Saved data entries -
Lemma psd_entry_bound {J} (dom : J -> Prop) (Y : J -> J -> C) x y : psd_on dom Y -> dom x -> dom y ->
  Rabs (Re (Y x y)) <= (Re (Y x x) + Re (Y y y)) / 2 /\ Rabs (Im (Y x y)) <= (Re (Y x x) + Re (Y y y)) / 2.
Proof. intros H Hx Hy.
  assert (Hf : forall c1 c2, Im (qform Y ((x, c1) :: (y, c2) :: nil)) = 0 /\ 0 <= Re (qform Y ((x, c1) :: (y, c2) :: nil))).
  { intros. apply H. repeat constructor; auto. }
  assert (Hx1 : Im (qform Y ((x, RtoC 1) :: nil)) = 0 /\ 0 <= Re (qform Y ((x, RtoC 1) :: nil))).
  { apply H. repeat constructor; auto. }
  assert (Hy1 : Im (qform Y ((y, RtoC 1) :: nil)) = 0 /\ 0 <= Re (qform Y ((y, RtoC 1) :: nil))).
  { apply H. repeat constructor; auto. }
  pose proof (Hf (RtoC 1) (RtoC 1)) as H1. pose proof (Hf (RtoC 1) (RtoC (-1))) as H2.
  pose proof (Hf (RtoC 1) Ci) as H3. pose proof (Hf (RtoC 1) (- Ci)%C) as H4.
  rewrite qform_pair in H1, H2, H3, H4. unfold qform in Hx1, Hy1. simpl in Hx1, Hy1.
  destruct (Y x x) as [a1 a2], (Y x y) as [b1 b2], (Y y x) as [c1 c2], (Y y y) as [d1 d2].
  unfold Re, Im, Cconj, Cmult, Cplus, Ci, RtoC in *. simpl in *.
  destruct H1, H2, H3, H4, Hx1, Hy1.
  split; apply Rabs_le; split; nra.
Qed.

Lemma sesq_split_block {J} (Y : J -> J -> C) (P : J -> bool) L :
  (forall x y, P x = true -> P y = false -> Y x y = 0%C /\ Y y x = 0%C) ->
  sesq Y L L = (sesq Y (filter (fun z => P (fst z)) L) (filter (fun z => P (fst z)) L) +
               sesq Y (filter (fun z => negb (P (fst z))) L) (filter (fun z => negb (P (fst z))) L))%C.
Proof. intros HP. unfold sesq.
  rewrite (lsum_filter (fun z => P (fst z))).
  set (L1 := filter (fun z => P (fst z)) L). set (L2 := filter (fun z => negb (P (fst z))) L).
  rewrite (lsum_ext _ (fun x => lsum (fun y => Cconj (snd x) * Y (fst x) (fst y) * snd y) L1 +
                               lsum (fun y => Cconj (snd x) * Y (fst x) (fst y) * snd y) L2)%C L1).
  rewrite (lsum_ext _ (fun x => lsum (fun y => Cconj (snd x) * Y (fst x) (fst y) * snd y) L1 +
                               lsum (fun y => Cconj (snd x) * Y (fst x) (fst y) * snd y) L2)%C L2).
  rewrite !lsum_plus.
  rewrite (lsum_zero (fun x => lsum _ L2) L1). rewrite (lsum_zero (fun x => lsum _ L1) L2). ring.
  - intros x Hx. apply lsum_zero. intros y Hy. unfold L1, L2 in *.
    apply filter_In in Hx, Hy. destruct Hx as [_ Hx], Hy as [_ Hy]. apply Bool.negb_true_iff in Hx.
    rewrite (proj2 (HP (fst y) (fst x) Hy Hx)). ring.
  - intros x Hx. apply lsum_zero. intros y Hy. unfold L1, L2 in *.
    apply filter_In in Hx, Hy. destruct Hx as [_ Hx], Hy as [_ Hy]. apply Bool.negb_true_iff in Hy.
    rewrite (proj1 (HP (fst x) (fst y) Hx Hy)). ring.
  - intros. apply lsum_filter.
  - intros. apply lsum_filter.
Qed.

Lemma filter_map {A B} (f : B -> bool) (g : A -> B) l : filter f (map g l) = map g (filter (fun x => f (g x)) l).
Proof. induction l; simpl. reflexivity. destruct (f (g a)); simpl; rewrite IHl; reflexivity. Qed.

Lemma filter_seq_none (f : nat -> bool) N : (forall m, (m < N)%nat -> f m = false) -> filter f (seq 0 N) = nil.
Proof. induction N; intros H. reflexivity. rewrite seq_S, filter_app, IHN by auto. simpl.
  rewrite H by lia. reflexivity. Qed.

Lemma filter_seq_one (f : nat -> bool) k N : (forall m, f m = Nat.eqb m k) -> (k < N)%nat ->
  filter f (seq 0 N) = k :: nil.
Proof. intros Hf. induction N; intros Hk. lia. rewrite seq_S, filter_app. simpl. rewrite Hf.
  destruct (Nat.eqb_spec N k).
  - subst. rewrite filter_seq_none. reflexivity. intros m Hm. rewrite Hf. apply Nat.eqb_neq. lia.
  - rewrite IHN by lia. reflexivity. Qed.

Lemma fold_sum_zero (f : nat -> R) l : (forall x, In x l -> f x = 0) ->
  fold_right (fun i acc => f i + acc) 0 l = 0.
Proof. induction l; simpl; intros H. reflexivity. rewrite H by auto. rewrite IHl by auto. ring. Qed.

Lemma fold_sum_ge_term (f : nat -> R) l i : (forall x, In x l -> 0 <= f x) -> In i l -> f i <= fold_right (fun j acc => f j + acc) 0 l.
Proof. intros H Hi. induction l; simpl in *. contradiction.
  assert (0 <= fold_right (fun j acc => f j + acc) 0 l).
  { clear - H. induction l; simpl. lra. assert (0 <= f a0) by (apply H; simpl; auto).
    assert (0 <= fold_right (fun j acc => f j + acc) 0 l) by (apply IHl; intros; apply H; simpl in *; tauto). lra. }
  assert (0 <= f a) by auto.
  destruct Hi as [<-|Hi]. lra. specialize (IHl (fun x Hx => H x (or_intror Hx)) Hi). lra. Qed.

...

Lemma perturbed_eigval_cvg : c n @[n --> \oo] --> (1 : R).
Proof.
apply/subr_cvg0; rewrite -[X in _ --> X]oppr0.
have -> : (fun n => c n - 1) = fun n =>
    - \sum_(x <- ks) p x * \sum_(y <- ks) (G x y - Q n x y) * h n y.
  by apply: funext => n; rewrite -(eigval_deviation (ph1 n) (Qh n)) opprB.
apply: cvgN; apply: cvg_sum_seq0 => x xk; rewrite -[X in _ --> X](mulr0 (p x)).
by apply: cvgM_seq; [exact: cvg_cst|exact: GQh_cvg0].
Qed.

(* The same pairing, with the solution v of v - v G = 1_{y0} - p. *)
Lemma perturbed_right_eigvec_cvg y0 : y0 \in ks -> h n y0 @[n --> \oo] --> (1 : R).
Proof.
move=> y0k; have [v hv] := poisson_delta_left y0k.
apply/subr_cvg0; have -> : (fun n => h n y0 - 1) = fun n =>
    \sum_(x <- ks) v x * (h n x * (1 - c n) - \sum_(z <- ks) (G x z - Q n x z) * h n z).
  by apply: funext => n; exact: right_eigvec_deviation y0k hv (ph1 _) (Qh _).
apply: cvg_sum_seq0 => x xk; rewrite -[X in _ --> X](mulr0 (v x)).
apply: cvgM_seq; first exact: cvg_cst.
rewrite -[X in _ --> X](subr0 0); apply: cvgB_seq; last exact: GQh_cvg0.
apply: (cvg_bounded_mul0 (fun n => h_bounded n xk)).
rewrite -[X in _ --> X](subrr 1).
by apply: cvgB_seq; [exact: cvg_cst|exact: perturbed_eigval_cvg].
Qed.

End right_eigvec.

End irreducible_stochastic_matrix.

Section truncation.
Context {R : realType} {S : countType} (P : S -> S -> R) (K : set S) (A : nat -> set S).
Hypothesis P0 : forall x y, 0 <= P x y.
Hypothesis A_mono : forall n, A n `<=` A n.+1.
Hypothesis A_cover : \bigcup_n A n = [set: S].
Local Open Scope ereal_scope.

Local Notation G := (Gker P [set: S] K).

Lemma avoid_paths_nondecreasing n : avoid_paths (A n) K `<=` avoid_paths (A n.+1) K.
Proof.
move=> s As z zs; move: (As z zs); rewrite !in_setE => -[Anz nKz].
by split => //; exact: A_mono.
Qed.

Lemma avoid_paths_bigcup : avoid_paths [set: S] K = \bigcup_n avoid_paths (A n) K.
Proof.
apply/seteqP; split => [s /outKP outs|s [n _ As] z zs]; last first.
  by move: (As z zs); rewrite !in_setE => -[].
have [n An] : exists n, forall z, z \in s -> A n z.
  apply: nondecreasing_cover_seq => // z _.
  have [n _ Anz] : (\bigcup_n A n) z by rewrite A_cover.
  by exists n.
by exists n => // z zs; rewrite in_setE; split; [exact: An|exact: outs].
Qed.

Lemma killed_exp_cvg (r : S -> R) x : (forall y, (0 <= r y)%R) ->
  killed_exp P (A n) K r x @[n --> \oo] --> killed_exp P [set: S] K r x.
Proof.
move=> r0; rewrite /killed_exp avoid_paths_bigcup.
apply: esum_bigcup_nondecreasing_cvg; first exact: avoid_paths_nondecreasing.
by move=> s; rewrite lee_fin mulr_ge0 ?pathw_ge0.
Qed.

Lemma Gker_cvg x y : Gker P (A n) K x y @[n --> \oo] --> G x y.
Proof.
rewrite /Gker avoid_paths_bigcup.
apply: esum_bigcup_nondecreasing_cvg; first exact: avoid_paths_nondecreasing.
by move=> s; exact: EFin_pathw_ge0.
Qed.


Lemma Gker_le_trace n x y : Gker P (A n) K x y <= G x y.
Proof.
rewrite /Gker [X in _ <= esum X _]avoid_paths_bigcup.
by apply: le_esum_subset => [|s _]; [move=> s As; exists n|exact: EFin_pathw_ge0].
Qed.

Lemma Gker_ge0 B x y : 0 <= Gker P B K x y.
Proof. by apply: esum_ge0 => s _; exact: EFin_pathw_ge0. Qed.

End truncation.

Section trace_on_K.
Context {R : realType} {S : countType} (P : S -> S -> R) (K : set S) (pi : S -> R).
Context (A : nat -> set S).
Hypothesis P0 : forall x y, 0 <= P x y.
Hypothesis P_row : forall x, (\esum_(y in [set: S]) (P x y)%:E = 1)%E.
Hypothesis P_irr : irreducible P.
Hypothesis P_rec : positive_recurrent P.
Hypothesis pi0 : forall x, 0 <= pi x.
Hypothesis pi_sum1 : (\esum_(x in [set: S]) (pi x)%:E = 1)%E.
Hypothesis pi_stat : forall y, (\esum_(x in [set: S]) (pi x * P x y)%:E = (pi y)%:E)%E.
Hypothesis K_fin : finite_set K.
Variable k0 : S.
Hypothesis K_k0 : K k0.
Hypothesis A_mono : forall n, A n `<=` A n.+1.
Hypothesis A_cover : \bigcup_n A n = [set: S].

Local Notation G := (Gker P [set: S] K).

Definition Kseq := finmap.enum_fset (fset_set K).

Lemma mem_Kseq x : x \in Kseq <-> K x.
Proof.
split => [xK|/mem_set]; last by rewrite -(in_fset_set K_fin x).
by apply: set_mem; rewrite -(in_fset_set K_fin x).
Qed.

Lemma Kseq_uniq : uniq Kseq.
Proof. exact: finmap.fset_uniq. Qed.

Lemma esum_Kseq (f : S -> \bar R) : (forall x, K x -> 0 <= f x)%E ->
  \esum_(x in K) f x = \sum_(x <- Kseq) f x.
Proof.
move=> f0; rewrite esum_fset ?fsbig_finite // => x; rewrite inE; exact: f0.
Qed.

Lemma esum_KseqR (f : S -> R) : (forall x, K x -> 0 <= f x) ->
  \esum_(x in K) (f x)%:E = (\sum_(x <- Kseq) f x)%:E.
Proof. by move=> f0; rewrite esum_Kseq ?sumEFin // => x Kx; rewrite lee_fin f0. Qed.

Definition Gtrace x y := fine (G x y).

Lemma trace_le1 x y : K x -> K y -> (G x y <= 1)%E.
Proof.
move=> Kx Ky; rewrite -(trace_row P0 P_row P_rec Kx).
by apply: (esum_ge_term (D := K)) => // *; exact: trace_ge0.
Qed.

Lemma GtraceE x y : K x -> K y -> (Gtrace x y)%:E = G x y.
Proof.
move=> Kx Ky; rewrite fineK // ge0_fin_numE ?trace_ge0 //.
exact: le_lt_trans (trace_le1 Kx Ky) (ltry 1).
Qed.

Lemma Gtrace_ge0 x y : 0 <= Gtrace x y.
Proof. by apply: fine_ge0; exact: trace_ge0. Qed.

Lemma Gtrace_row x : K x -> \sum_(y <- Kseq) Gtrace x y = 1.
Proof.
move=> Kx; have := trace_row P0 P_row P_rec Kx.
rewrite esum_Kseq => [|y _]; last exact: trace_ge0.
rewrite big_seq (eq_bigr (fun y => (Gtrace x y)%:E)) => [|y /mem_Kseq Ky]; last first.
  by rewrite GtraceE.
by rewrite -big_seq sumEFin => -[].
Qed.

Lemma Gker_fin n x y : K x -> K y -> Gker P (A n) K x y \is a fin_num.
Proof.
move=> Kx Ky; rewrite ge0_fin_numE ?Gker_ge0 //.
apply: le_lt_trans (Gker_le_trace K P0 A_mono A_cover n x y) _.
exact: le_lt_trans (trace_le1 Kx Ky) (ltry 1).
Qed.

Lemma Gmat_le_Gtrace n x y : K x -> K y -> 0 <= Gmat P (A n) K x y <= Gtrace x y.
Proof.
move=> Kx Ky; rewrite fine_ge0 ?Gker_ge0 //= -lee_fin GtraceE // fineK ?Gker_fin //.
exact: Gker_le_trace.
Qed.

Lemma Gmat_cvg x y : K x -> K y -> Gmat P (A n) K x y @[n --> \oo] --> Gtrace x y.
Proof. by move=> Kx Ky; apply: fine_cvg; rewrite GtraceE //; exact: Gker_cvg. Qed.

Your goal -
Starting at the line that has "x -> dom y ->" in the records above, restate word for word every line until the one that has "intros. apply H.", and include that one as well.

Solution -
Lemma psd_entry_bound {J} (dom : J -> Prop) (Y : J -> J -> C) x y : psd_on dom Y -> dom x -> dom y ->
  Rabs (Re (Y x y)) <= (Re (Y x x) + Re (Y y y)) / 2 /\ Rabs (Im (Y x y)) <= (Re (Y x x) + Re (Y y y)) / 2.
Proof. intros H Hx Hy.
  assert (Hf : forall c1 c2, Im (qform Y ((x, c1) :: (y, c2) :: nil)) = 0 /\ 0 <= Re (qform Y ((x, c1) :: (y, c2) :: nil))).
  { intros. apply H. repeat constructor; auto. }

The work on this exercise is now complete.